[Collected data]
- - - -
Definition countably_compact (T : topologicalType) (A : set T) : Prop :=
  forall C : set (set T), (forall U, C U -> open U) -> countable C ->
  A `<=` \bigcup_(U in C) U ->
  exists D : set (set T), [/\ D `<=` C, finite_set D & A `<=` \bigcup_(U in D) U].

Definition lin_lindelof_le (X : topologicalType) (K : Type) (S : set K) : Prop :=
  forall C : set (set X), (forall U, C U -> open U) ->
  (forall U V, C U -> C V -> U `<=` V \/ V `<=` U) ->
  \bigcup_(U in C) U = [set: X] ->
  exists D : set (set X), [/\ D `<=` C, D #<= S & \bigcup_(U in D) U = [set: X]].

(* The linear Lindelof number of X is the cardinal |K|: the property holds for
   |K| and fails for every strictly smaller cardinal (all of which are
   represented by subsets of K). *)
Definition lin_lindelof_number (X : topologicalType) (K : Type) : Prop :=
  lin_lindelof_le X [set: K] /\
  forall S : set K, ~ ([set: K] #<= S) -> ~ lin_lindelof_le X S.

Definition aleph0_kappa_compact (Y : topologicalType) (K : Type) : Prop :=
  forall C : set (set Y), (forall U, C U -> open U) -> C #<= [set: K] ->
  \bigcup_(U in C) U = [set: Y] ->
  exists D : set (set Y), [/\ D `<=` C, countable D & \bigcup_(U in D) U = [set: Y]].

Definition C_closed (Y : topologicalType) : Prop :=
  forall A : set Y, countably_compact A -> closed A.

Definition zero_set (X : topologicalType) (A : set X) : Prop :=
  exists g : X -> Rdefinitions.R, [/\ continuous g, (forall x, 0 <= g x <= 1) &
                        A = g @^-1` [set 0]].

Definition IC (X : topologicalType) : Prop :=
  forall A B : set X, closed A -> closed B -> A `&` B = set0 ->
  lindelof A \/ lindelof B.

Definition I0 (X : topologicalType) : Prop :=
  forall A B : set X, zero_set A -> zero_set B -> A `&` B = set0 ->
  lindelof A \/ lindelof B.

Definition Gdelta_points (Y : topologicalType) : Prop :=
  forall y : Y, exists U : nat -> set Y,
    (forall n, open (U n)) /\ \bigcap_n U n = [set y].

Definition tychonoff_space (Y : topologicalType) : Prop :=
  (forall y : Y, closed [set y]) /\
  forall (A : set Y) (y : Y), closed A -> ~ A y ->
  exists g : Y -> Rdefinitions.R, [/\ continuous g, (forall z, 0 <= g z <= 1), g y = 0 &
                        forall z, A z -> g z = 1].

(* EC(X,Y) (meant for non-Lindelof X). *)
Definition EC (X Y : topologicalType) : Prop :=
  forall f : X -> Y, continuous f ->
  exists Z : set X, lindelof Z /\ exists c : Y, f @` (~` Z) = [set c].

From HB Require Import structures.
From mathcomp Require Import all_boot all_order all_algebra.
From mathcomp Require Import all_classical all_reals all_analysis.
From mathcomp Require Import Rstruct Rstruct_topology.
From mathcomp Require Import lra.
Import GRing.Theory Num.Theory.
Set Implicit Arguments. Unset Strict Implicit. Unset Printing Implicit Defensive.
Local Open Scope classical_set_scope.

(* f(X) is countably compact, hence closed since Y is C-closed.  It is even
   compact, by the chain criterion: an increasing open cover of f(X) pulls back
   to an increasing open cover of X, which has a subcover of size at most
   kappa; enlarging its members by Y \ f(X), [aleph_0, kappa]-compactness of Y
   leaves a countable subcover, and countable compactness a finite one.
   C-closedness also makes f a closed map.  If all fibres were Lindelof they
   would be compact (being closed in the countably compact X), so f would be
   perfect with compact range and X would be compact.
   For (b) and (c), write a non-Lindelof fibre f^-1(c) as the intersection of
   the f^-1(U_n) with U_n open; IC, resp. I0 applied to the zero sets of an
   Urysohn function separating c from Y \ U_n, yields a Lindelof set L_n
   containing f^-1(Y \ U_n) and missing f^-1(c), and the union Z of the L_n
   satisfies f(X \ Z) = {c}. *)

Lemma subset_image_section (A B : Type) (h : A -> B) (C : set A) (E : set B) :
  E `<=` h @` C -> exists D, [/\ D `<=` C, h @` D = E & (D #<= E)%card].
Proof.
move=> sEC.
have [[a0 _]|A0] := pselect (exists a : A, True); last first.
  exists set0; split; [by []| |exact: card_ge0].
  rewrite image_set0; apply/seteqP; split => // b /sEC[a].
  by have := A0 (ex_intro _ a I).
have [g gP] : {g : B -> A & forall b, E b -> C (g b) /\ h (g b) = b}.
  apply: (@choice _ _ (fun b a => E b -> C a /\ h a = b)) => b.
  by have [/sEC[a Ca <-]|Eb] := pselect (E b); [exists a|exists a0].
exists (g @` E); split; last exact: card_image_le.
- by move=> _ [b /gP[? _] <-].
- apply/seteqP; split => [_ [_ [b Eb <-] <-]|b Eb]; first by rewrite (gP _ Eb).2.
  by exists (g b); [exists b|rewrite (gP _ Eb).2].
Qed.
- - - -
• _ACTION ITEM_:
Would you please repeat all the entries exactly as written?

• _TASK SOLUTION_:
Definition countably_compact (T : topologicalType) (A : set T) : Prop :=
  forall C : set (set T), (forall U, C U -> open U) -> countable C ->
  A `<=` \bigcup_(U in C) U ->
  exists D : set (set T), [/\ D `<=` C, finite_set D & A `<=` \bigcup_(U in D) U].

Definition lin_lindelof_le (X : topologicalType) (K : Type) (S : set K) : Prop :=
  forall C : set (set X), (forall U, C U -> open U) ->
  (forall U V, C U -> C V -> U `<=` V \/ V `<=` U) ->
  \bigcup_(U in C) U = [set: X] ->
  exists D : set (set X), [/\ D `<=` C, D #<= S & \bigcup_(U in D) U = [set: X]].

(* The linear Lindelof number of X is the cardinal |K|: the property holds for
   |K| and fails for every strictly smaller cardinal (all of which are
   represented by subsets of K). *)
Definition lin_lindelof_number (X : topologicalType) (K : Type) : Prop :=
  lin_lindelof_le X [set: K] /\
  forall S : set K, ~ ([set: K] #<= S) -> ~ lin_lindelof_le X S.

Definition aleph0_kappa_compact (Y : topologicalType) (K : Type) : Prop :=
  forall C : set (set Y), (forall U, C U -> open U) -> C #<= [set: K] ->
  \bigcup_(U in C) U = [set: Y] ->
  exists D : set (set Y), [/\ D `<=` C, countable D & \bigcup_(U in D) U = [set: Y]].

Definition C_closed (Y : topologicalType) : Prop :=
  forall A : set Y, countably_compact A -> closed A.

Definition zero_set (X : topologicalType) (A : set X) : Prop :=
  exists g : X -> Rdefinitions.R, [/\ continuous g, (forall x, 0 <= g x <= 1) &
                        A = g @^-1` [set 0]].

Definition IC (X : topologicalType) : Prop :=
  forall A B : set X, closed A -> closed B -> A `&` B = set0 ->
  lindelof A \/ lindelof B.

Definition I0 (X : topologicalType) : Prop :=
  forall A B : set X, zero_set A -> zero_set B -> A `&` B = set0 ->
  lindelof A \/ lindelof B.

Definition Gdelta_points (Y : topologicalType) : Prop :=
  forall y : Y, exists U : nat -> set Y,
    (forall n, open (U n)) /\ \bigcap_n U n = [set y].

Definition tychonoff_space (Y : topologicalType) : Prop :=
  (forall y : Y, closed [set y]) /\
  forall (A : set Y) (y : Y), closed A -> ~ A y ->
  exists g : Y -> Rdefinitions.R, [/\ continuous g, (forall z, 0 <= g z <= 1), g y = 0 &
                        forall z, A z -> g z = 1].

(* EC(X,Y) (meant for non-Lindelof X). *)
Definition EC (X Y : topologicalType) : Prop :=
  forall f : X -> Y, continuous f ->
  exists Z : set X, lindelof Z /\ exists c : Y, f @` (~` Z) = [set c].

From HB Require Import structures.
From mathcomp Require Import all_boot all_order all_algebra.
From mathcomp Require Import all_classical all_reals all_analysis.
From mathcomp Require Import Rstruct Rstruct_topology.
From mathcomp Require Import lra.
Import GRing.Theory Num.Theory.
Set Implicit Arguments. Unset Strict Implicit. Unset Printing Implicit Defensive.
Local Open Scope classical_set_scope.

(* f(X) is countably compact, hence closed since Y is C-closed.  It is even
   compact, by the chain criterion: an increasing open cover of f(X) pulls back
   to an increasing open cover of X, which has a subcover of size at most
   kappa; enlarging its members by Y \ f(X), [aleph_0, kappa]-compactness of Y
   leaves a countable subcover, and countable compactness a finite one.
   C-closedness also makes f a closed map.  If all fibres were Lindelof they
   would be compact (being closed in the countably compact X), so f would be
   perfect with compact range and X would be compact.
   For (b) and (c), write a non-Lindelof fibre f^-1(c) as the intersection of
   the f^-1(U_n) with U_n open; IC, resp. I0 applied to the zero sets of an
   Urysohn function separating c from Y \ U_n, yields a Lindelof set L_n
   containing f^-1(Y \ U_n) and missing f^-1(c), and the union Z of the L_n
   satisfies f(X \ Z) = {c}. *)

Lemma subset_image_section (A B : Type) (h : A -> B) (C : set A) (E : set B) :
  E `<=` h @` C -> exists D, [/\ D `<=` C, h @` D = E & (D #<= E)%card].
Proof.
move=> sEC.
have [[a0 _]|A0] := pselect (exists a : A, True); last first.
  exists set0; split; [by []| |exact: card_ge0].
  rewrite image_set0; apply/seteqP; split => // b /sEC[a].
  by have := A0 (ex_intro _ a I).
have [g gP] : {g : B -> A & forall b, E b -> C (g b) /\ h (g b) = b}.
  apply: (@choice _ _ (fun b a => E b -> C a /\ h a = b)) => b.
  by have [/sEC[a Ca <-]|Eb] := pselect (E b); [exists a|exists a0].
exists (g @` E); split; last exact: card_image_le.
- by move=> _ [b /gP[? _] <-].
- apply/seteqP; split => [_ [_ [b Eb <-] <-]|b Eb]; first by rewrite (gP _ Eb).2.
  by exists (g b); [exists b|rewrite (gP _ Eb).2].
Qed.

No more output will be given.